Lieut. Tait of the marines lost his right leg.
(Sir Edward presented him with 100 guns for a sword out of his own share of the prize money, he also bought a chronometer for Lieut. CHAMBERLEYNE.)
- FORTUNEE, TRENT and the DOLPHIN cutter captured the French privateer lugger RENARD close in with St. Aubin's Bay on 20 April after a chase of 10 hours.
The privateer had long been a menace to British coastal trade.
- In the forenoon of 11 January 1802 Capt. HAMILTON, on leaving the ship at Spithead, ordered the gunner, Mr William BORDMAN, to clean the guns and the carronades on the quarter-deck cleaned.
When he returned an hour later swore that his orders had not been complied with and ordered the gunner and his crew to be seized up in the shrouds.
The first lieutenant attempted to explain that the guns had been well cleaned and the only marks were footprints on one carriage where the men had climbed into the shrouds, but to no purpose.
The gunner, an elderly man, remained seized up about an hour and a half in cold, frosty weather until the surgeon prevailed on the captain to cut him down.
He fainted after being taken aft.
The four main of his crew remained in the shrouds for another two hours.
- A court of enquiry ordered by Ad. MILBANKE, the C-in-C, boarded TRENT on the 17th. and, as a result of their findings, Capt. HAMILTON appeared before a court martial on board GLADIATOR on the 22nd.
He pleaded in his defence that he had served in the Royal Navy since he was 7 years old and the punishment had been given in the heat of passion.
The Court considered that the charge had been proved and sentenced him to be dismissed the service.
- It was questioned whether the court martial was legally constituted since Vice Ad, MITCHELL and Rear Ad, COLLINGWOOD both signed the Enquiry report and sat as members of the court martial.

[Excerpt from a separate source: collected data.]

(* A set I viewed as a measurable space with the discrete sigma-algebra     *)
(* (all subsets measurable); it carries the counting measure.               *)
Definition discr (I : Type) : Type := I.
HB.instance Definition _ (I : pointedType) := Pointed.on (discr I).
HB.instance Definition _ (I : pointedType) :=
  @isMeasurable.Build default_measure_display (discr I) discrete_measurable
    discrete_measurable0 discrete_measurableC discrete_measurableU.

Definition count_meas (R : realType) (I : pointedType)
  : {measure set (discr I) -> \bar R} := @counting (discr I) R.

(* The orthonormal basis turns every operator of a permutative representation
   into a partial permutation of I.  Under counting measure each injective
   branch sig_l preserves measure, so all Radon-Nikodym derivatives equal 1
   on J_l, the ranges K_l of a fixed degree partition I (two of them meeting
   would make t_l^* kill a basis vector it must map to a basis vector), and
   the coding map sign^n undoes the branch hit by a point.  The semibranching
   operator S_l thus sends e_y to e_(sig_l y) for y in J_l and vanishes on
   the other basis vectors, exactly as t_l does; as both are read off from
   the coordinates <f, t_l^* e_x>, they agree on all of l^2(I). *)
From Pilot Require Import Defs.
From HB Require Import structures.
From mathcomp Require Import all_boot all_order all_algebra.
From mathcomp Require Import all_classical all_reals all_analysis.
From mathcomp Require Import complex lra.
From mathcomp Require finmap.
Set Implicit Arguments.
Unset Strict Implicit.
Unset Printing Implicit Defensive.
Import Order.TTheory GRing.Theory Num.Theory.
Local Open Scope classical_set_scope.
Local Open Scope ring_scope.

Section PointSupported.
Variables (R : realType) (I : choiceType).

Lemma esum_supp1 (a : I -> \bar R) j :
  (forall i, i != j -> a i = 0%E) -> (0 <= a j)%E ->
  (\esum_(i in [set: I]) a i = a j)%E.
Proof.
move=> a0 a_ge0; rewrite -(esum_set1 a_ge0) [RHS]esum_mkcond.
apply: eq_esum => i _; have [->|ij] := eqVneq i j; first by rewrite mem_set.
by rewrite a0 // memNset //= => /eqP; rewrite (negbTE ij).
Qed.

Lemma rsum_supp1 (h : I -> R) j : (forall i, i != j -> h i = 0) -> rsum h = h j.
Proof.
move=> h0; rewrite /rsum !(@esum_supp1 _ j).
- by rewrite /= /Order.max; do 2 case: ifPn => ?; lra.
- by move=> i /h0 ->; rewrite oppr0 maxxx.
- by rewrite lee_fin le_max lexx orbT.
- by move=> i /h0 ->; rewrite maxxx.
- by rewrite lee_fin le_max lexx orbT.
Qed.

Lemma csum_supp1 (h : I -> R[i]) j : (forall i, i != j -> h i = 0) -> csum h = h j.
Proof.
move=> h0; rewrite /csum !(@rsum_supp1 _ j); first by case: (h j).
  by move=> i /h0 ->.
by move=> i /h0 ->.
Qed.

Lemma ip_ebasis (f : I -> R[i]) j : ip f (ebasis R j) = f j.
Proof.
rewrite /ip (@csum_supp1 _ j); first by rewrite /ebasis eqxx conjC1 mulr1.
by move=> i ij; rewrite /ebasis (negbTE ij) conjC0 mulr0.
Qed.

Lemma ip_0 (f : I -> R[i]) : ip f (fun _ => 0) = 0.
Proof.
by rewrite /ip /csum /rsum !esum1 ?subrr //= => i _;
  rewrite conjC0 mulr0 /= ?oppr0 maxxx.
Qed.

Lemma l2_ebasis (j : I) : l2 (ebasis R j).
Proof.
rewrite /l2 /norm2 (@esum_supp1 _ j) ?ltry //.
  by move=> i ij; rewrite /ebasis (negbTE ij) /sqmod /= expr0n /= addr0.
by rewrite lee_fin /sqmod addr_ge0 // sqr_ge0.
Qed.

Lemma ebasis_neq0 (i : I) : ebasis R i <> (fun _ => 0).
Proof.
by move=> /(congr1 (fun g => g i)); rewrite /ebasis eqxx => /eqP; rewrite oner_eq0.
Qed.

End PointSupported.

Lemma counting_image_inj (R : realType) (T : choiceType) (A : set T) (f : T -> T) :
  {in A &, injective f} -> counting (f @` A) = @counting _ R A.
Proof.
move=> f_inj; have fA_A := inj_card_eq f_inj.
rewrite /counting; have [finA|infA] := pselect (finite_set A).
  have [n An] := (finite_setP A).1 finA.
  have fAn : (f @` A #= `I_n)%card by exact: card_eq_trans fA_A An.
  rewrite !asboolT //; last by apply/finite_setP; exists n.
  by rewrite (card_fset_set An) (card_fset_set fAn).
rewrite !asboolF // => -[n fAn]; apply: infA; apply/finite_setP; exists n.
by apply: card_eq_trans fAn; rewrite card_eq_sym.
Qed.

Lemma counting_gt0 (R : realType) (T : choiceType) (A : set T) (x : T) :
  A x -> (0 < @counting T R A)%E.
Proof.
move=> Ax; rewrite /counting; case: asboolP => finA; last by rewrite ltry.
rewrite lte_fin ltr0n finmap.cardfs_gt0; apply/finmap.fset0Pn; exists x.
by rewrite in_fset_set // inE.
Qed.

Lemma kdeg_eq0_kid k (L : kgraph k) (l : kmor L) :
  kdeg l = Nk0 k -> l = kid (kr l).
Proof.
move=> dl0; have dl : kdeg l = Nkadd (Nk0 k) (Nk0 k).
  by rewrite dl0; apply/ffunP => i; rewrite !ffunE.
have [p [_ p_uniq]] := kfact dl.
have : (kid (kr l), l) = (l, kid (ks l)).
  by rewrite -(p_uniq (kid (kr l), l)) ?(p_uniq (l, kid (ks l))) //;
    split; rewrite /= ?ks_id ?kr_id ?kcomp_idl ?kcomp_idr ?kdeg_id.
by case=> ->.
Qed.

Section Permutative.
Variables (R : realType) (k : nat) (L : kgraph k) (I : pointedType).
Variables (t tstar : kmor L -> op R I).
Variables (J K : kmor L -> set I) (sig : kmor L -> I -> I) (sign : Nk k -> I -> I).
Hypothesis rep : is_rep t tstar.
Hypothesis perm : permutative t tstar J K sig.
Hypothesis coding : coding_maps J K sig sign.

Lemma rep_coord l f : l2 f -> forall x, t l f x = ip f (tstar l (ebasis R x)).
Proof.
case: rep => hop _ _ _ _ f_l2 x; have [_ _ adj _] := hop l.
by rewrite -[LHS](ip_ebasis (t l f) x) adj //; exact: l2_ebasis.
Qed.

Lemma sig_inj l : {in J l &, injective (sig l)}.
Proof. by case: perm => bij _ _ _ _; case: (bij l). Qed.

Lemma image_sig l : sig l @` J l = K l.
Proof.
case: perm => bij _ _ _ _; have [JK _ KJ] := bij l.
apply/seteqP; split; first by move=> _ [y Jy <-]; exact: JK.
by move=> j /KJ [y Jy <-]; exists y.
Qed.

Lemma K_sig l y : J l y -> K l (sig l y).
Proof. by move=> Jy; rewrite -image_sig; exists y. Qed.

Lemma sig_onto l j : K l j -> exists2 y, J l y & sig l y = j.
Proof. by rewrite -image_sig => -[y Jy <-]; exists y. Qed.

Lemma t_ebasis l i : J l i -> t l (ebasis R i) = ebasis R (sig l i).
Proof. by case: perm => _ _ _ tc _ Ji; case: (tc l i) => ->. Qed.

Lemma t_ebasis_out l i : ~ J l i -> t l (ebasis R i) = (fun _ => 0).
Proof. by case: perm => _ _ _ tc _ Ji; case: (tc l i) => _ ->. Qed.

Lemma tstar_ebasis l i : J l i -> tstar l (ebasis R (sig l i)) = ebasis R i.
Proof. by case: perm => _ _ _ _ tsd Ji; case: (tsd l) => ->. Qed.

Lemma tstar_ebasis_out l l' j :
  l' <> l -> kdeg l' = kdeg l -> K l' j -> tstar l (ebasis R j) = (fun _ => 0).
Proof. by case: perm => _ _ _ _ tsd; case: (tsd l) => _; apply. Qed.

Lemma K_cover n i : exists2 l, kdeg l = n & K l i.
Proof.
case: perm => _ cover _ _ _; have := (cover n).2.
by rewrite -subTset => /(_ i Logic.I) [l dl Kl]; exists l.
Qed.

Lemma K_disj a b j : kdeg a = kdeg b -> a <> b -> K a j -> K b j -> False.
Proof.
move=> dab nab /sig_onto [y Jy <-] Kb.
have := tstar_ebasis_out (nesym nab) (esym dab) Kb.
by rewrite tstar_ebasis //; apply: ebasis_neq0.
Qed.

Lemma K_comp l nu : kr nu = ks l -> K nu `<=` J l.
Proof. by case: perm => _ _ comp _ _ e; case: (comp l nu e). Qed.

Lemma sig_comp l nu i :
  kr nu = ks l -> J nu i -> sig l (sig nu i) = sig (Defs.kcomp l nu) i.
Proof. by case: perm => _ _ comp _ _ e; case: (comp l nu e) => _; apply. Qed.

Lemma sig_kid v i : J (kid v) i -> sig (kid v) i = i.
Proof.
have vv : kr (kid v) = ks (kid v) by rewrite kr_id ks_id.
have kidK : Defs.kcomp (kid v) (kid v) = kid v.
  by have := kcomp_idl (kid v); rewrite kr_id.
move=> Ji; apply: (@sig_inj (kid v)); rewrite ?inE //.
  by apply: (K_comp vv); exact: K_sig.
by rewrite sig_comp // kidK.
Qed.

Lemma J_kid v : J (kid v) = K (kid v).
Proof.
rewrite -image_sig; apply/seteqP; split; last by move=> _ [i Ji <-]; rewrite sig_kid.
by move=> i Ji; exists i; rewrite ?sig_kid.
Qed.

Lemma J_kid_uniq v w j : J (kid v) j -> J (kid w) j -> v = w.
Proof.
rewrite !J_kid => Kv Kw; have [e|ne] := eqVneq (kid v) (kid w).
  by rewrite -(kr_id v) e kr_id.
by case: (K_disj _ (elimN eqP ne) Kv Kw); rewrite !kdeg_id.
Qed.

Lemma K_kid_kr l j : K l j -> J (kid (kr l)) j.
Proof. by apply: K_comp; rewrite ks_id. Qed.

(* The degree-0 covering places j in some J (kid w); by CK3 and CK1, w must be
   the source of l, since otherwise t_(ks l) t_w e_j = e_j would vanish. *)
Lemma J_kid_ks l j : J l j -> J (kid (ks l)) j.
Proof.
case: rep => _ [_ CK1] _ CK3 _ Jj.
case: perm => _ cover _ _ _; have := (cover (Nk0 k)).1.
rewrite -subTset => /(_ j Logic.I) [w dw]; rewrite (kdeg_eq0_kid dw) => Jw.
have [<- //|nw] := eqVneq (kr w) (ks l); exfalso.
have := CK1 _ _ (nesym (elimN eqP nw)) _ (l2_ebasis R j).
rewrite /= t_ebasis // sig_kid //.
have := CK3 l _ (l2_ebasis R j); rewrite /= t_ebasis // tstar_ebasis // => <-.
exact: ebasis_neq0.
Qed.

Lemma J_comp l nu j : kr nu = ks l -> J nu j -> J (Defs.kcomp l nu) j.
Proof.
case: rep => _ _ CK2 _ _ e Jj; apply/not_notP => nJ.
have := CK2 l nu (esym e) _ (l2_ebasis R j).
rewrite /= (t_ebasis Jj) (t_ebasis_out nJ) t_ebasis; first exact: ebasis_neq0.
by apply: (K_comp e); exact: K_sig.
Qed.

Lemma sign_sig l y : J l y -> sign (kdeg l) (sig l y) = y.
Proof.
move=> Jy; have [Jsy sigK] := coding erefl (K_sig Jy).
by apply: (@sig_inj l); rewrite ?inE.
Qed.

Lemma sign_add m n : sign m \o sign n = sign (Nkadd m n).
Proof.
apply/funext => i /=.
have [l dl /sig_onto [y Jy sy]] := K_cover n i.
have [l' dl' /[dup] Kl' /sig_onto [y' Jy' sy']] := K_cover m y.
have e : kr l' = ks l := J_kid_uniq (K_kid_kr Kl') (J_kid_ks Jy).
have dc : kdeg (Defs.kcomp l l') = Nkadd m n.
  by rewrite kdeg_comp ?dl ?dl' //; apply/ffunP => z; rewrite !ffunE addnC.
have sn : sign n i = y by rewrite -sy -dl sign_sig.
have sm : sign m y = y' by rewrite -sy' -dl' sign_sig.
rewrite sn sm; have <- : sig (Defs.kcomp l l') y' = i by rewrite -sig_comp // sy' sy.
by rewrite -dc sign_sig //; exact: J_comp.
Qed.

Lemma J_kid_neq0 v : ~ opeq (t (kid v)) (@zero_op R I) -> exists x, J (kid v) x.
Proof.
case: rep => _ [CK1 _] _ _ _ tv_neq0; apply/not_existsP => J0.
apply: tv_neq0 => f f_l2; apply/funext => x; rewrite rep_coord //.
by rewrite ((CK1 v).2 _ (l2_ebasis R x)) t_ebasis_out ?ip_0.
Qed.

Local Notation mu := (count_meas R I).
Local Notation D := (J : kmor L -> set (discr I)).

Lemma RN_deriv_sig_one l : RN_deriv mu (D l) (sig l) (fun _ => 1).
Proof.
split=> [|//|E _ EJ]; first exact: measurable_cst.
rewrite integral_cst // mul1e; apply: counting_image_inj => x y /[!inE] Ex Ey.
by apply: sig_inj; rewrite inE; apply: EJ.
Qed.

Lemma sbfs_degree (Lfin : kfinite L) n :
  sbfs mu [set l | kdeg l = n] D sig (fun _ _ => 1) (sign n).
Proof.
split.
- by split; [exact: Lfin | move=> a _; split].
- rewrite (_ : ~` _ = set0) ?measure0 //; apply/seteqP; split=> // x /= nx.
  by have [l dl Kl] := K_cover n x; apply: nx; exists l; rewrite // image_sig.
- move=> a b /= da db nab; rewrite !image_sig (_ : K a `&` K b = set0) ?measure0 //.
  apply/seteqP; split=> // x [Ka Kb].
  by apply: (K_disj _ nab Ka Kb); rewrite da db.
- by move=> a _; split; [exact: RN_deriv_sig_one | exact: aeW].
- by split=> // a /= <- x; exact: sign_sig.
Qed.

Lemma permutative_LSBFS (Lfin : kfinite L) :
  (forall v : kvert L, ~ opeq (t (kid v)) (@zero_op R I)) -> LSBFS mu D sig sign.
Proof.
move=> t_neq0; exists (fun _ _ => 1); split.
- exact: sbfs_degree.
- move=> v; split; first exact: sig_kid.
  by have [x Jx] := J_kid_neq0 (t_neq0 v); exact: counting_gt0 Jx.
- move=> l nu e; split; last by apply: aeW => x; exact: sig_comp.
  rewrite image_sig (_ : K nu `\` J l = set0) ?measure0 //.
  by apply/seteqP; split=> // x [/(K_comp e)].
- exact: sign_add.
Qed.

Lemma RN_deriv_sig_eq1 Phi l y :
  RN_deriv mu (D l) (sig l) Phi -> J l y -> Phi y = 1.
Proof.
case=> _ _ Phi_int Jy; have yJ : [set y] `<=` D l by move=> _ ->.
have := Phi_int [set y] Logic.I yJ.
rewrite image_set1 (eq_integral (cst (Phi y)%:E)); last by move=> z /[!inE] ->.
by rewrite integral_cst // /= /counting !asboolT ?fset_set1 ?finmap.cardfs1 ?mule1 // => -[].
Qed.

Lemma sb_rep_perm (Phi : kmor L -> discr I -> R) l (f : I -> R[i]) :
  RN_deriv mu (D l) (sig l) (Phi l) -> l2 f -> sb_rep D sig sign Phi l f = t l f.
Proof.
move=> Phi_RN f_l2; apply/funext => x; rewrite /sb_rep rep_coord // indicE.
have [/sig_onto [y Jy <-]|nKx] := pselect (K l x).
  rewrite sign_sig // tstar_ebasis // ip_ebasis mem_set; last by exists y.
  by rewrite (RN_deriv_sig_eq1 Phi_RN Jy) sqrtr1 divr1 mul1r.
have [l' dl' Kl'] := K_cover (kdeg l) x.
have nl : l' <> l by move=> el; apply: nKx; rewrite -el.
rewrite (tstar_ebasis_out nl dl' Kl') ip_0 image_sig memNset // mul0r.
by rewrite (_ : real_complex R 0 = 0) ?mul0r.
Qed.

End Permutative.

Objections were overruled because "members of the court of enquiry do not prejudge the cause."
- 1803 Walter GROSETT, 03/1803, Cork.
Successively the flagship of Ad. Lord GARDNER, Rear Ad. William O'Brien DRURY and Vice Ads.
WHITSHED and THORNBROUGH as commanders in chief on the Irish station. She was also used as a hospital ship.
Cdr. GROSSET was posted in October 1810 and before he left Cork he was voted the freedom of the city.
- There were severe gales around the British and Irish coasts in November 1811.
The SALDANHA was wrecked off Loughswilly on the 30th. with the loss of all on board.
Before leaving Cork she had left John O'REILY, midshipman, two marine lieutenants, six marines and twelve seamen on board TRENT. They were the lucky ones.